Выводы, сделанные на совещании, подкрепленные конкретными фактами, были доведены до ЦК ВКП(б) и руководства Штаба РККА. Поэтому можно утверждать, что, выступая на указанном выше заседании Политбюро в декабре 1926 г., М. Тухачевский использовал информацию чекистов для подкрепления своих неутешительных выводов. А руководство ОГПУ, в свою очередь, приказало подчиненным органам реализовать ряд важных мероприятий. В частности, необходимо было усилить работу по военной промышленности, проверив в месячный срок ее состояние, а также усилить агентурное наблюдение за накоплением мобилизационных запасов, «поведя решительную борьбу с особенно распространенными в этой области злоупотреблениями, бесхозяйственностью и нераспорядительностью»[1007].
К марту 1927 г., т. е. к заседанию Политбюро, в органах госбезопасности подвели некоторые итоги проведенной работы, однако с учетом ситуации «военной тревоги» сосредоточились главным образом на противодиверсионной защите мобилизационных запасов.

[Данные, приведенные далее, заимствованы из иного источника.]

(* Let $X$ and $Y$ be random variables having the same support, and let $\mathbf{q}=(q_1,q_2)$, where $q_i:[0,1]\to[0,1]$, $i=1,2$, are distortion functions such that $\hat G_X(\mathbf q)$ and $\hat G_Y(\mathbf q)$ are finite. Then: 1. $\hat G_{X+\delta}(\mathbf q)=\hat G_X(\mathbf q)$ for all $\delta\in\mathbb{R}$; 2. $\hat G_{\gamma X}(\mathbf q)=\gamma\hat G_X(\mathbf q)$ for all $\gamma>0$; 3. $\hat G_X(\mathbf q)=0$ for any degenerate random variable $X$; 4. $\hat G_X(\mathbf q)\ge0$ for any random variable $X$; 5. $X\le_d Y$ implies $\hat G_X(\mathbf q)\le\hat G_Y(\mathbf q)$.
   Context: A distortion function is an increasing (non-strict) function $q:[0,1]\to[0,1]$ with $q(0)=0$ and $q(1)=1$. For a random variable $X$ with CDF $F$ and survival function $\overline F=1-F$, with $l=\inf\{x:F(x)>0\}$ and $r=\sup\{x:\overline F(x)>0\}$, the $\mathbf q$-distorted Gini function is $\hat G_X(\mathbf q)=\int_l^r q_1(F(x))\,q_2(\overline F(x))\,dx$. With $F^{-1}(u)=\sup\{x:F(x)\le u\}$ and $G^{-1}$ the analogous quantile function of $Y$ (CDF $G$), $X$ is smaller than $Y$ in the dispersive order, $X\le_d Y$, iff $F^{-1}(v)-F^{-1}(u)\le G^{-1}(v)-G^{-1}(u)$ whenever $0<u\le v<1$. *)

From HB Require Import structures.
From mathcomp Require Import all_boot all_order all_algebra.
From mathcomp Require Import all_classical all_reals all_analysis.
Set Implicit Arguments. Unset Strict Implicit. Unset Printing Implicit Defensive.
Import Order.TTheory GRing.Theory Num.Theory.
Import numFieldNormedType.Exports.
Local Open Scope classical_set_scope.
Local Open Scope ring_scope.

Section Defs.
Context {R : realType}.

(* distortion function: increasing q : [0,1] -> [0,1], q 0 = 0, q 1 = 1
   (only its values on [0,1] are ever used) *)
Definition distortion (q : R -> R) : Prop :=
  [/\ q 0 = 0, q 1 = 1,
      {in `[0, 1]&, {homo q : x y / x <= y}} &
      (forall u, 0 <= u <= 1 -> 0 <= q u <= 1)].

Definition cdfR d (T : measurableType d) (P : probability T R)
  (X : {RV P >-> R}) (x : R) : R := fine (cdf X x).

Definition lend (F : R -> R) : \bar R :=
  ereal_inf [set x%:E | x in [set x : R | 0 < F x]].
Definition rend (F : R -> R) : \bar R :=
  ereal_sup [set x%:E | x in [set x : R | 0 < 1 - F x]].

Definition dgini_cdf (q1 q2 : R -> R) (F : R -> R) : \bar R :=
  (\int[lebesgue_measure]_(x in [set x : R | (lend F < x%:E)%E && (x%:E < rend F)%E])
     (q1 (F x) * q2 (1 - F x))%:E)%E.

Definition dgini d (T : measurableType d) (P : probability T R)
  (q1 q2 : R -> R) (X : {RV P >-> R}) : \bar R :=
  dgini_cdf q1 q2 (cdfR X).

Definition quantile (F : R -> R) (u : R) : R := sup [set x : R | F x <= u].

Definition dispersive d1 (T1 : measurableType d1) (P1 : probability T1 R)
  (X : {RV P1 >-> R}) d2 (T2 : measurableType d2) (P2 : probability T2 R)
  (Y : {RV P2 >-> R}) : Prop :=
  forall u v : R, 0 < u -> u <= v -> v < 1 ->
    quantile (cdfR X) v - quantile (cdfR X) u <=
    quantile (cdfR Y) v - quantile (cdfR Y) u.

Definition rv_support d (T : measurableType d) (P : probability T R)
  (X : {RV P >-> R}) : set R :=
  [set x : R | forall e : R, 0 < e -> (0 < P (X @^-1` `]((x - e)%R), ((x + e)%R)[))%E].

Definition degenerate d (T : measurableType d) (P : probability T R)
  (X : {RV P >-> R}) : Prop :=
  exists c : R, P [set w | X w = c] = 1%E.

End Defs.

From HB Require Import structures.
From mathcomp Require Import all_boot all_order all_algebra.
From mathcomp Require Import all_classical all_reals all_analysis.
From mathcomp Require Import lra measurable_realfun.
Import Order.TTheory GRing.Theory Num.Theory.
Import numFieldNormedType.Exports.
Local Open Scope classical_set_scope.
Local Open Scope ring_scope.

(* One comparison principle gives all five properties.  Let F, G be
   distribution functions and let phi stretch distances by a factor at least
   c > 0 on the interval (l, r) of F while transporting F to G there, i.e.
   G (phi x) = F x.  The image under phi of Lebesgue measure on (l, r), scaled
   by c, gives every interval ]a, b] mass at most b - a, so it is dominated by
   Lebesgue measure, and the change of variables y = phi x yields
   c * Gini(F) <= Gini(G).  Translations (c = 1) and dilations by gamma
   (c = gamma and c = 1/gamma) are such maps in both directions; if X <=_d Y
   then x |-> x + G^-1 (F x) - F^-1 (F x) is one with c = 1.  For a degenerate
   X the interval (l, r) is empty, and the integrand is always nonnegative. *)

Section measure_comparison.
Local Open Scope ereal_scope.
Import HBNNSimple.

Lemma ge0_le_measure_integral_in d (T : measurableType d) {R : realType}
    (m1 m2 : {measure set T -> \bar R}) (D : set T) (f : T -> \bar R) :
  (forall S, measurable S -> S `<=` D -> m1 S <= m2 S) ->
  (forall x, D x -> 0 <= f x) ->
  \int[m1]_(x in D) f x <= \int[m2]_(x in D) f x.
Proof.
move=> m12 f0; rewrite !ge0_integralE//.
apply: ge_ereal_sup => _ [h hf <-].
apply: le_trans (ereal_sup_ubound _); last by exists h.
rewrite !sintegralE; apply: lee_fsum => // r [t _ <-].
have [ht0|ht0] := leP (h t) 0%R.
  have -> : h t = 0%R by apply/eqP; rewrite eq_le ht0 fun_ge0.
  by rewrite !mul0e.
apply: lee_wpmul2l; first by rewrite lee_fin ltW.
apply: m12; first exact: measurable_funPTI.
move=> s /= hs; have := hf s; rewrite /patch; case: ifPn => [/set_mem//|_].
by rewrite hs lee_fin leNgt ht0.
Qed.

Lemma le_lebesgue_measure_itv {R : realType}
    (mu : {measure set (measurableTypeR R) -> \bar R}) :
  (forall a b : R, (a < b)%R -> mu `]a, b]%classic <= (b - a)%:E) ->
  forall S, measurable S -> mu S <= lebesgue_measure S.
Proof.
move=> mu_itv S mS.
rewrite /lebesgue_measure /lebesgue_stieltjes_measure /measure_extension /=.
apply: le_ereal_inf_tmp => _ [C [mC SC] <-].
have mC' k : measurable (C k : set (measurableTypeR R)).
  by have [[a b] _ <-] := mC k; exact: measurable_itv.
apply: le_trans (measure_sigma_subadditive _ mC' _ SC) _ => //.
apply: lee_nneseries => k _ //; have [[a b] _ <-] := mC k.
rewrite wlength_itv /=; have [ab|ba] := ltP a b.
  by rewrite lte_fin ab -EFinB; exact: mu_itv.
rewrite set_itv_ge ?measure0 ?lte_fin ?ltNge ?ba//.
by rewrite bnd_simp negbK.
Qed.

End measure_comparison.

Lemma nondecreasing_in_measurable {R : realType} [A : set R] [f : R -> R] :
  is_interval A -> {in A &, nondecreasing_fun f} -> measurable_fun A f.
Proof.
move=> A_itv f_nd.
apply: (measurability (@RGenCInfty.G R)) => [|/= _ [_] [r] -> <-].
  exact: RGenCInfty.measurableE.
apply: is_interval_measurable => s t [As /=] + [At /=] + u /andP[su ut].
rewrite !in_itv/= !andbT => fs ft.
have Au : A u by apply: (A_itv s t As At u); rewrite su ut.
by split => //; apply: le_trans fs _; apply: f_nd => //; exact: mem_set.
Qed.

Section expanding_map.
Context {R : realType} (A : set R) (phi : R -> R) (c : R).
Hypotheses (A_itv : is_interval A) (c_gt0 : 0 < c).
Hypothesis phi_expanding :
  {in A &, forall x y, x <= y -> c * (y - x) <= phi y - phi x}.

Lemma expanding_nondecreasing : {in A &, nondecreasing_fun phi}.
Proof.
move=> x y Ax Ay xy; rewrite -subr_ge0.
apply: le_trans (phi_expanding x y Ax Ay xy).
by rewrite mulr_ge0 ?subr_ge0 // ltW.
Qed.

Let mA : measurable A := is_interval_measurable A_itv.

Let mphi : measurable_fun A phi :=
  nondecreasing_in_measurable A_itv expanding_nondecreasing.

Lemma expanding_preimage_itv (a b : R) : a < b ->
  (c%:E * lebesgue_measure (A `&` phi @^-1` `]a, b]%classic) <= (b - a)%:E)%E.
Proof.
move=> ab; set E := A `&` _.
have mE : measurable E by apply: mphi => //; exact: measurable_itv.
pose L := (b - a) / c.
have L_ge0 : 0 <= L by rewrite divr_ge0 ?subr_ge0 ?ltW.
have cL : c * L = b - a by rewrite /L mulrCA mulfV ?mulr1 ?gt_eqF.
have [->|/set0P[x0 Ex0]] := eqVneq E set0.
  by rewrite measure0 mule0 lee_fin subr_ge0 ltW.
have E_diam x y : E x -> E y -> x - y <= L.
  move=> [Ax /=]; rewrite in_itv/= => /andP[ax xb].
  move=> [Ay /=]; rewrite in_itv/= => /andP[ay yb].
  have [xy|yx] := leP x y; first by apply: le_trans L_ge0; rewrite subr_le0.
  rewrite -(ler_pM2l c_gt0) cL.
  apply: le_trans (phi_expanding y x (mem_set Ay) (mem_set Ax) (ltW yx)) _.
  exact: lerB xb (ltW ay).
have E_sub : E `<=` `[inf E, inf E + L]%classic.
  have E_lb : has_lbound E.
    by exists (x0 - L) => y Ey; rewrite lerBlDr addrC -lerBlDr E_diam.
  move=> y Ey /=; rewrite in_itv/= ge_inf//= -lerBlDr.
  apply: lb_le_inf; first by exists x0.
  by move=> z Ez; rewrite lerBlDr addrC -lerBlDr E_diam.
apply: (@le_trans _ _
    (c%:E * lebesgue_measure `[inf E, (inf E + L)%R]%classic)%E).
  by rewrite lee_pmul2l ?lte_fin// le_measure// inE.
rewrite lebesgue_measure_itv/= lte_fin; case: ltP => _.
  by rewrite -EFinB addrAC subrr add0r -EFinM cL.
by rewrite mule0 lee_fin subr_ge0 ltW.
Qed.

Let phiA : R -> measurableTypeR R := phi \_ A.

Let mphiA : measurable_fun setT phiA := (measurable_restrictT _ mA).1 mphi.

Let phiAE x : A x -> phiA x = phi x.
Proof. by move=> Ax; rewrite /phiA patchE mem_set. Qed.

Let restr_preimageE (Y : set R) : phiA @^-1` Y `&` A = A `&` phi @^-1` Y.
Proof. by rewrite setIC; apply/seteqP; split => x [Ax]; rewrite /= phiAE. Qed.

Let c_ge0 : 0 <= c := ltW c_gt0.

(* The measure instance of a pushforward depends on a proof of measurability,
   which [pose] abstracts: below, [mu mphiA] is the image of Lebesgue measure
   on A under phi. *)

Lemma expanding_preimage_le (S : set R) : measurable S ->
  (c%:E * lebesgue_measure (A `&` phi @^-1` S) <= lebesgue_measure S)%E.
Proof.
pose mu : {measure set (measurableTypeR R) -> \bar R} :=
  pushforward (mrestr lebesgue_measure mA) phiA.
pose nu : {measure set (measurableTypeR R) -> \bar R} :=
  mscale (NngNum c_ge0) (mu mphiA).
have nuE Y : nu Y = (c%:E * lebesgue_measure (A `&` phi @^-1` Y))%E.
  by rewrite /= /mscale /mu /= /pushforward /mrestr restr_preimageE.
rewrite -nuE; apply: le_lebesgue_measure_itv => a b ab.
by rewrite nuE; exact: expanding_preimage_itv.
Qed.

Lemma ge0_integral_expanding (B : set R) (g : R -> \bar R) :
  measurable B -> measurable_fun B g -> (forall y, B y -> 0 <= g y)%E ->
  (forall x, A x -> B (phi x)) ->
  (c%:E * \int[lebesgue_measure]_(x in A) g (phi x) <=
   \int[lebesgue_measure]_(y in B) g y)%E.
Proof.
move=> mB mg g_ge0 phiAB.
pose lebA := mrestr lebesgue_measure mA.
pose mu : {measure set (measurableTypeR R) -> \bar R} := pushforward lebA phiA.
pose nu : {measure set (measurableTypeR R) -> \bar R} :=
  mscale (NngNum c_ge0) (mu mphiA).
have gphi_ge0 x : A x -> (0 <= g (phiA x))%E.
  by move=> Ax; rewrite phiAE//; exact/g_ge0/phiAB.
have A_sub : A `<=` phiA @^-1` B.
  by move=> x Ax; rewrite /= phiAE//; exact: phiAB.
have mAB : measurable (phiA @^-1` B).
  by rewrite -[_ @^-1` _]setTI; exact: (mphiA measurableT).
have mgphiA : measurable_fun (phiA @^-1` B) (g \o phiA).
  apply: measurable_comp mB _ mg (measurable_funS _ _ mphiA) => //.
  by move=> _ [x + <-].
under eq_integral => x /[1!inE] Ax do rewrite -phiAE//.
apply: (@le_trans _ _ (c%:E * \int[lebA]_(x in phiA @^-1` B) (g \o phiA) x)%E).
  rewrite lee_pmul2l ?lte_fin//.
  apply: (@le_trans _ _ (\int[lebA]_(x in A) g (phiA x))%E).
    apply: ge0_le_measure_integral_in => [S mS SA|//].
    by rewrite /= /mrestr setIidl.
  by apply: ge0_subset_integral => // x /g_ge0.
apply: (@le_trans _ _ (\int[nu]_(y in B) g y)%E).
  rewrite ge0_integral_mscale//= /mu ge0_integral_pushforward//.
  by move=> y /[1!inE] /g_ge0.
apply: ge0_le_measure_integral_in => [S mS _|//].
rewrite /= /mscale /mu /= /pushforward /mrestr restr_preimageE.
exact: expanding_preimage_le.
Qed.

End expanding_map.

Section gini_domain.
Context {R : realType}.
Implicit Types (F G phi : R -> R) (x : R).

Definition gini_dom F : set R :=
  [set x | (lend F < x%:E)%E && (x%:E < rend F)%E].

Lemma dgini_cdfE (q1 q2 F : R -> R) : dgini_cdf q1 q2 F =
  (\int[lebesgue_measure]_(x in gini_dom F) (q1 (F x) * q2 (1 - F x))%:E)%E.
Proof. by []. Qed.

Lemma gini_dom_interval F : is_interval (gini_dom F).
Proof.
move=> x y /andP[lx _] /andP[_ yr] z /andP[xz zy]; apply/andP; split.
  by apply: lt_le_trans lx _; rewrite lee_fin.
by apply: le_lt_trans yr; rewrite lee_fin.
Qed.

Lemma gini_dom_gt0 {F x} : nondecreasing_fun F -> gini_dom F x -> 0 < F x.
Proof.
move=> F_nd /andP[lx _]; have [_ [z /= Fz_gt0 <-]] := ereal_inf_lt lx.
by rewrite lte_fin => /ltW/F_nd; exact: lt_le_trans.
Qed.

Lemma gini_dom_lt1 {F x} : nondecreasing_fun F -> gini_dom F x -> F x < 1.
Proof.
move=> F_nd /andP[_ xr]; have [_ [z /= Fz_lt1 <-]] := ereal_sup_gt xr.
rewrite subr_gt0 in Fz_lt1.
by rewrite lte_fin => /ltW/F_nd /le_lt_trans; apply.
Qed.

Lemma gini_dom_exists_lt {F x} :
  gini_dom F x -> exists2 y, gini_dom F y & y < x.
Proof.
move=> /andP[lx xr]; have [_ [z /= Fz_gt0 <-]] := ereal_inf_lt lx.
rewrite lte_fin => zx; exists ((z + x) / 2); last lra.
apply/andP; split; last by apply: le_lt_trans xr; rewrite lee_fin; lra.
apply: (@le_lt_trans _ _ z%:E); first by apply: ereal_inf_lbound; exists z.
by rewrite lte_fin; lra.
Qed.

Lemma gini_dom_exists_gt {F x} :
  gini_dom F x -> exists2 y, gini_dom F y & x < y.
Proof.
move=> /andP[lx xr]; have [_ [z /= Fz_lt1 <-]] := ereal_sup_gt xr.
rewrite lte_fin => xz; exists ((z + x) / 2); last lra.
apply/andP; split; first by apply: lt_le_trans lx _; rewrite lee_fin; lra.
apply: (@lt_le_trans _ _ z%:E); first by rewrite lte_fin; lra.
by apply: ereal_sup_ubound; exists z.
Qed.

Lemma expanding_gini_dom F G phi (c : R) :
  nondecreasing_fun F -> 0 < c ->
  {in gini_dom F &, forall x y, x <= y -> c * (y - x) <= phi y - phi x} ->
  {in gini_dom F, forall x, G (phi x) = F x} ->
  forall x, gini_dom F x -> gini_dom G (phi x).
Proof.
move=> F_nd c_gt0 phi_expanding GphiF x Fx.
have phi_lt y z : gini_dom F y -> gini_dom F z -> y < z -> phi y < phi z.
  move=> Fy Fz yz; rewrite -subr_gt0.
  apply: lt_le_trans (phi_expanding y z (mem_set Fy) (mem_set Fz) (ltW yz)).
  by rewrite mulr_gt0// subr_gt0.
have [y Fy yx] := gini_dom_exists_lt Fx.
have [z Fz xz] := gini_dom_exists_gt Fx.
apply/andP; split.
  apply: (@le_lt_trans _ _ (phi y)%:E); last by rewrite lte_fin phi_lt.
  apply: ereal_inf_lbound; exists (phi y) => //=.
  by rewrite GphiF ?inE// gini_dom_gt0.
apply: (@lt_le_trans _ _ (phi z)%:E); first by rewrite lte_fin phi_lt.
apply: ereal_sup_ubound; exists (phi z) => //=.
by rewrite GphiF ?inE// subr_gt0 gini_dom_lt1.
Qed.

На заседании Политбюро 31 марта 1927 г. был утвержден перечень мер «по борьбе с диверсией, пожарами, взрывами, авариями и прочими вредительскими актами», где предусматривалось создание постоянной комиссии при ОГПУ из представителей военного ведомства, органов госбезопасности, ВСНХ, НКПС и ВЦСПС. Аналогичные комиссии создавались и на местах при полномочных представительствах ОГПУ. Было признано необходимым упразднить вольнонаемную и ввести военизированную охрану на важных объектах, включая заводы оборонной промышленности, провести в советском порядке декрет о выселении с территории предприятий государственного значения и огнеавиаскладов военного ведомства всех посторонних лиц, обязать НКВМ ускорить окончание работ по приведению в порядок огнескладов.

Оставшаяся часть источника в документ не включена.